## Task
The first line of the entries through the line bearing "Definition dhat_of (n": copy these lines exactly and return nothing else.

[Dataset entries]
(* There exists $c\in\mathbb{N}$ such that for all $l\in\mathbb{N}$ and all $x,y\in\{0,1\}^*$, $$\mathrm{FS}^{l+c}(xy)\leq 2|x|+\mathrm{FS}^{l}(y)+2.$$
   Context: A finite-state transducer (FST) is a 4-tuple $T=(Q,\delta,\nu,q_0)$ with $Q$ a nonempty finite set of states, $\delta:Q\times\{0,1\}\to Q$ the transition function, $\nu:Q\times\{0,1\}\to\{0,1\}^*$ the output function, and $q_0\in Q$ the initial state; every state is assumed reachable from $q_0$. The extended transition function is $\widehat\delta(\lambda)=q_0$, $\widehat\delta(xa)=\delta(\widehat\delta(x),a)$, and the output of $T$ on $x$ is defined by $T(\lambda)=\lambda$, $T(xa)=T(x)\nu(\widehat\delta(x),a)$. Fix a standard binary representation $\sigma_T$ of each FST $T$ and let $|T|=|\sigma_T|$; let $\mathrm{FST}^{\leq k}=\{T\in\mathrm{FST}: |T|\le k\}$. For $k\in\mathbb{N}$ and $x\in\{0,1\}^*$, $\mathrm{FS}^k(x)=\min\{|p| : p\in\{0,1\}^*,\ \exists T\in\mathrm{FST}^{\leq k},\ T(p)=x\}$. Here $xy$ denotes concatenation. *)

From mathcomp Require Import all_boot.
From Stdlib Require Import ClassicalEpsilon.

Set Implicit Arguments.
Unset Strict Implicit.
Unset Printing Implicit Defensive.

(* Binary strings are [seq bool] (false = 0, true = 1).
   Concrete model of an FST: the state set is Q = 'I_n.+1 = {0,...,n}
   (nonempty), the initial state is q0 = 0 (every FST is isomorphic to one of
   this form), delta : Q -> {0,1} -> Q, nu : Q -> {0,1} -> {0,1}^*, and every
   state is reachable from q0. *)

Definition dhat_of (n : nat) (d : 'I_n.+1 -> bool -> 'I_n.+1) (w : seq bool)
  : 'I_n.+1 := foldl d ord0 w.

Record FST := MkFST {
  fst_n : nat;
  fst_delta : 'I_fst_n.+1 -> bool -> 'I_fst_n.+1;
  fst_nu : 'I_fst_n.+1 -> bool -> seq bool;
  fst_reach : forall q : 'I_fst_n.+1, exists w : seq bool, dhat_of fst_delta w = q
}.

Definition dhat (T : FST) (w : seq bool) : 'I_(fst_n T).+1 :=
  dhat_of (@fst_delta T) w.

(* Output T(w): T(lambda) = lambda, T(xa) = T(x) nu(dhat(x), a). *)
Fixpoint fst_out_rev (T : FST) (rw : seq bool) : seq bool :=
  match rw with
  | [::] => [::]
  | a :: rx => fst_out_rev T rx ++ fst_nu (dhat T (rev rx)) a
  end.
Definition fst_run (T : FST) (w : seq bool) : seq bool := fst_out_rev T (rev w).

(* binary expansion of a natural number (most significant bit first; 0 |-> empty) *)
Fixpoint bin_aux (fuel m : nat) : seq bool :=
  match fuel with
  | 0 => [::]
  | f.+1 => if m is 0 then [::] else rcons (bin_aux f m./2) (odd m)
  end.
Definition bin (m : nat) : seq bool := bin_aux m m.

Definition sdcode (s : seq bool) : seq bool :=
  flatten [seq [:: b; b] | b <- s] ++ [:: false; true].

Definition enc_nat (m : nat) : seq bool := sdcode (bin m).

(* a transition target j from source i is encoded by the signed offset j - i:
   a sign bit followed by the self-delimiting binary code of |j - i| *)
Definition enc_offset (i j : nat) : seq bool :=
  if i <= j then false :: enc_nat (j - i) else true :: enc_nat (i - j).

Definition enc_state (T : FST) (q : 'I_(fst_n T).+1) : seq bool :=
  flatten [seq enc_offset q (fst_delta q b) ++ sdcode (fst_nu q b)
          | b <- [:: false; true]].

Definition sigma (T : FST) : seq bool :=
  enc_nat (fst_n T) ++ flatten [seq enc_state q | q <- enum 'I_(fst_n T).+1].

Definition fst_size (T : FST) : nat := size (sigma T).

Definition FS_len (k : nat) (x : seq bool) (n : nat) : Prop :=
  exists (p : seq bool) (T : FST), fst_size T <= k /\ fst_run T p = x /\ size p = n.

Definition pbool (P : Prop) : bool :=
  if excluded_middle_informative P then true else false.

Lemma pboolP (P : Prop) : reflect P (pbool P).
Proof. by rewrite /pbool; case: excluded_middle_informative => H; constructor. Qed.

Lemma FS_ex (k : nat) (x : seq bool) :
  (exists n, FS_len k x n) -> exists n, pbool (FS_len k x n).
Proof. by case=> n Hn; exists n; apply/pboolP. Qed.

(* FS^k(x) = min { |p| : exists T in FST^{<=k}, T(p) = x };
   None encodes the minimum of the empty set (= +infinity). *)
Definition FS (k : nat) (x : seq bool) : option nat :=
  match excluded_middle_informative (exists n, FS_len k x n) with
  | left H => Some (ex_minn (FS_ex H))
  | right _ => None
  end.

Definition ole (a b : option nat) : Prop :=
  match a, b with
  | _, None => True
  | None, Some _ => False
  | Some m, Some n => m <= n
  end.

(* Prefix the machine for [y] with a three-state gadget that reads the
   self-delimiting code of [x] two bits at a time, outputs one bit per pair,
   and on the terminator 01 jumps into a copy of the original machine.
   The gadget increases the number of input bits by [|sdcode x| = 2|x| + 2],
   and the description by a constant: the copied states keep their encodings
   because transitions are encoded by relative offsets, the three new states
   cost 54 bits, and the header [enc_nat n] grows by at most 4 bits. *)

From mathcomp Require Import all_boot zify.
From Stdlib Require Import ClassicalEpsilon.

Set Implicit Arguments.
Unset Strict Implicit.
Unset Printing Implicit Defensive.

Lemma bin_aux_fuel f f' m : m <= f -> m <= f' -> bin_aux f m = bin_aux f' m.
Proof.
elim: f f' m => [|f IH] [|f'] [|m] //= Hf Hf'.
by congr rcons; apply: IH; lia.
Qed.

Lemma size_binS m : size (bin m.+1) = (size (bin m.+1./2)).+1.
Proof. by rewrite /bin /= size_rcons (@bin_aux_fuel m m.+1./2) //; lia. Qed.

Lemma size_bin_leq m m' : m <= m' -> size (bin m) <= size (bin m').
Proof.
elim: m' {-2}m' (leqnn m') m => [|k IH] [|m'] Hm' [|m] Hmm' //.
by rewrite !size_binS ltnS; apply: IH; lia.
Qed.

Lemma size_bin_double m : 0 < m -> size (bin m.*2) = (size (bin m)).+1.
Proof. by case: m => // m _; rewrite doubleS size_binS -doubleS doubleK. Qed.

Lemma size_bin_add3 m : size (bin m.+3) <= (size (bin m)).+2.
Proof.
case: m => [|m] //.
rewrite -(@size_bin_double m.+1) // -(@size_bin_double m.+1.*2); last lia.
by apply: size_bin_leq; lia.
Qed.

Lemma size_sdcode s : size (sdcode s) = 2 * size s + 2.
Proof.
have size_dbl : size (flatten [seq [:: b; b] | b <- s]) = 2 * size s.
  by elim: s => //= b s ->; lia.
by rewrite size_cat size_dbl.
Qed.

Lemma size_enc_nat_add3 m : size (enc_nat m.+3) <= size (enc_nat m) + 4.
Proof. by rewrite !size_sdcode; have := size_bin_add3 m; lia. Qed.

Lemma enc_offset_add3 i j : enc_offset i.+3 j.+3 = enc_offset i j.
Proof. by rewrite /enc_offset !ltnS !subSS. Qed.

Lemma fst_sizeE T :
  fst_size T = size (enc_nat (fst_n T)) + \sum_(q < (fst_n T).+1) size (enc_state q).
Proof.
rewrite /fst_size /sigma size_cat size_flatten /shape -map_comp sumnE big_map.
by rewrite big_enum.
Qed.

Section Runs.
Variables (Q : Type) (d : Q -> bool -> Q) (nu : Q -> bool -> seq bool).

Fixpoint run_from (q : Q) (w : seq bool) : seq bool :=
  if w is a :: w' then nu q a ++ run_from (d q a) w' else [::].

Lemma run_from_rcons q w a :
  run_from q (rcons w a) = run_from q w ++ nu (foldl d q w) a.
Proof. by elim: w q => [|b w IH] q /=; rewrite ?cats0 // IH catA. Qed.

End Runs.

Section Simulation.
Variables (Q Q' : Type) (d : Q -> bool -> Q) (nu : Q -> bool -> seq bool).
Variables (d' : Q' -> bool -> Q') (nu' : Q' -> bool -> seq bool) (f : Q -> Q').
Hypotheses (f_delta : forall q b, d' (f q) b = f (d q b))
           (f_nu : forall q b, nu' (f q) b = nu q b).

Lemma foldl_commute q w : foldl d' (f q) w = f (foldl d q w).
Proof. by elim: w q => [|b w IH] q //=; rewrite f_delta IH. Qed.

Lemma run_from_commute q w : run_from d' nu' (f q) w = run_from d nu q w.
Proof. by elim: w q => [|b w IH] q //=; rewrite f_delta f_nu IH. Qed.

End Simulation.

Lemma fst_runE T w : fst_run T w = run_from (@fst_delta T) (@fst_nu T) ord0 w.
Proof.
elim/last_ind: w => [|w a IH] //.
by rewrite run_from_rcons -IH /fst_run rev_rcons /= revK.
Qed.

Section SdcodePrefix.
Variable T : FST.
Local Notation n := (fst_n T).

Definition shift3 (s : 'I_n.+1) : 'I_n.+4 := Ordinal (ltn_ord s : s.+3 < n.+4).

Lemma shift3_lift (s : 'I_n.+1) : lift ord0 (lift ord0 (lift ord0 s)) = shift3 s.
Proof. exact: val_inj. Qed.

(* States 0, 1, 2 decode [sdcode x] pair by pair: after a 0 (state 1) the
   bit 0 emits 0 and the bit 1 is the terminator 01, entering the copy
   [shift3] of [T]; after a 1 (state 2) the bit 1 emits 1, and the pair 10
   never occurs. *)
Definition pre_delta (i : 'I_n.+4) (b : bool) : 'I_n.+4 :=
  match val i with
  | 0 => if b then Ordinal (isT : 2 < n.+4) else Ordinal (isT : 1 < n.+4)
  | 1 => if b then shift3 ord0 else ord0
  | 2 => ord0
  | j.+3 => shift3 (@fst_delta T (inord j) b)
  end.

Definition pre_nu (i : 'I_n.+4) (b : bool) : seq bool :=
  match val i with
  | 0 => [::]
  | 1 => if b then [::] else [:: false]
  | 2 => if b then [:: true] else [::]
  | j.+3 => @fst_nu T (inord j) b
  end.

Lemma pre_delta_shift3 s b : pre_delta (shift3 s) b = shift3 (fst_delta s b).
Proof. by rewrite /pre_delta /= inord_val. Qed.

Lemma pre_nu_shift3 s b : pre_nu (shift3 s) b = fst_nu s b.
Proof. by rewrite /pre_nu /= inord_val. Qed.

Lemma pre_delta_reach (q : 'I_n.+4) : exists w, dhat_of pre_delta w = q.
Proof.
case: q => [[|[|[|j]]] Hj].
- by exists [::]; apply: val_inj.
- by exists [:: false]; apply: val_inj.
- by exists [:: true]; apply: val_inj.
have [w Hw] := fst_reach (Ordinal (Hj : j < n.+1)).
exists [:: false, true & w]; rewrite /dhat_of /= (foldl_commute pre_delta_shift3).
by apply: val_inj; rewrite /= -/(dhat_of _ w) Hw.
Qed.

Definition sdprefix_fst : FST := MkFST pre_nu pre_delta_reach.

Lemma sdprefix_fst_run x p :
  fst_run sdprefix_fst (sdcode x ++ p) = x ++ fst_run T p.
Proof.
rewrite !fst_runE; elim: x => [|b x IH] /=.
  by rewrite (run_from_commute pre_delta_shift3 pre_nu_shift3).
by case: b => /=; rewrite IH.
Qed.

Lemma size_enc_state_shift3 s :
  size (@enc_state sdprefix_fst (shift3 s)) = size (enc_state s).
Proof.
by rewrite /enc_state /= !pre_nu_shift3 !enc_offset_add3 !inord_val.
Qed.

Lemma sdprefix_fst_size : fst_size sdprefix_fst <= fst_size T + 58.
Proof.
rewrite !fst_sizeE /= 3!big_ord_recl.
have sum_shifted : \sum_(s < n.+1)
    size (@enc_state sdprefix_fst (lift ord0 (lift ord0 (lift ord0 s))))
  = \sum_(s < n.+1) size (enc_state s).
  by apply: eq_bigr => s _; rewrite shift3_lift size_enc_state_shift3.
have -> : size (@enc_state sdprefix_fst ord0) = 16 by [].
have -> : size (@enc_state sdprefix_fst (lift ord0 ord0)) = 18 by [].
have -> : size (@enc_state sdprefix_fst (lift ord0 (lift ord0 ord0))) = 20 by [].
rewrite sum_shifted; set S := \sum_(s < n.+1) _.
by have := size_enc_nat_add3 n; lia.
Qed.

End SdcodePrefix.

Lemma FS_le_len k x m : FS_len k x m -> ole (FS k x) (Some m).
Proof.
move=> Hm; rewrite /FS; case: excluded_middle_informative => [H|[]]; last by exists m.
by case: ex_minnP => m' _; apply; apply/pboolP.
Qed.

Lemma FS_Some_len k x m : FS k x = Some m -> FS_len k x m.
Proof.
rewrite /FS; case: excluded_middle_informative => // H.
by case: ex_minnP => m' Hm' _ [<-]; apply/pboolP.
Qed.

Theorem lemma4 :
  exists c : nat, forall (l : nat) (x y : seq bool),
    ole (FS (l + c) (x ++ y)) (omap (fun m => 2 * size x + m + 2) (FS l y)).
Proof.
exists 58 => l x y.
case Ey: (FS l y) => [m|] /=; last by case: (FS _ _).
have [p [T [HT [Hy Hp]]]] := FS_Some_len Ey.
apply: FS_le_len; exists (sdcode x ++ p), (sdprefix_fst T); split.
  by have := sdprefix_fst_size T; lia.
by rewrite sdprefix_fst_run Hy size_cat size_sdcode Hp; split => //; lia.
Qed.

## Answer to this problem
(* There exists $c\in\mathbb{N}$ such that for all $l\in\mathbb{N}$ and all $x,y\in\{0,1\}^*$, $$\mathrm{FS}^{l+c}(xy)\leq 2|x|+\mathrm{FS}^{l}(y)+2.$$
   Context: A finite-state transducer (FST) is a 4-tuple $T=(Q,\delta,\nu,q_0)$ with $Q$ a nonempty finite set of states, $\delta:Q\times\{0,1\}\to Q$ the transition function, $\nu:Q\times\{0,1\}\to\{0,1\}^*$ the output function, and $q_0\in Q$ the initial state; every state is assumed reachable from $q_0$. The extended transition function is $\widehat\delta(\lambda)=q_0$, $\widehat\delta(xa)=\delta(\widehat\delta(x),a)$, and the output of $T$ on $x$ is defined by $T(\lambda)=\lambda$, $T(xa)=T(x)\nu(\widehat\delta(x),a)$. Fix a standard binary representation $\sigma_T$ of each FST $T$ and let $|T|=|\sigma_T|$; let $\mathrm{FST}^{\leq k}=\{T\in\mathrm{FST}: |T|\le k\}$. For $k\in\mathbb{N}$ and $x\in\{0,1\}^*$, $\mathrm{FS}^k(x)=\min\{|p| : p\in\{0,1\}^*,\ \exists T\in\mathrm{FST}^{\leq k},\ T(p)=x\}$. Here $xy$ denotes concatenation. *)

From mathcomp Require Import all_boot.
From Stdlib Require Import ClassicalEpsilon.

Set Implicit Arguments.
Unset Strict Implicit.
Unset Printing Implicit Defensive.

(* Binary strings are [seq bool] (false = 0, true = 1).
   Concrete model of an FST: the state set is Q = 'I_n.+1 = {0,...,n}
   (nonempty), the initial state is q0 = 0 (every FST is isomorphic to one of
   this form), delta : Q -> {0,1} -> Q, nu : Q -> {0,1} -> {0,1}^*, and every
   state is reachable from q0. *)

Definition dhat_of (n : nat) (d : 'I_n.+1 -> bool -> 'I_n.+1) (w : seq bool)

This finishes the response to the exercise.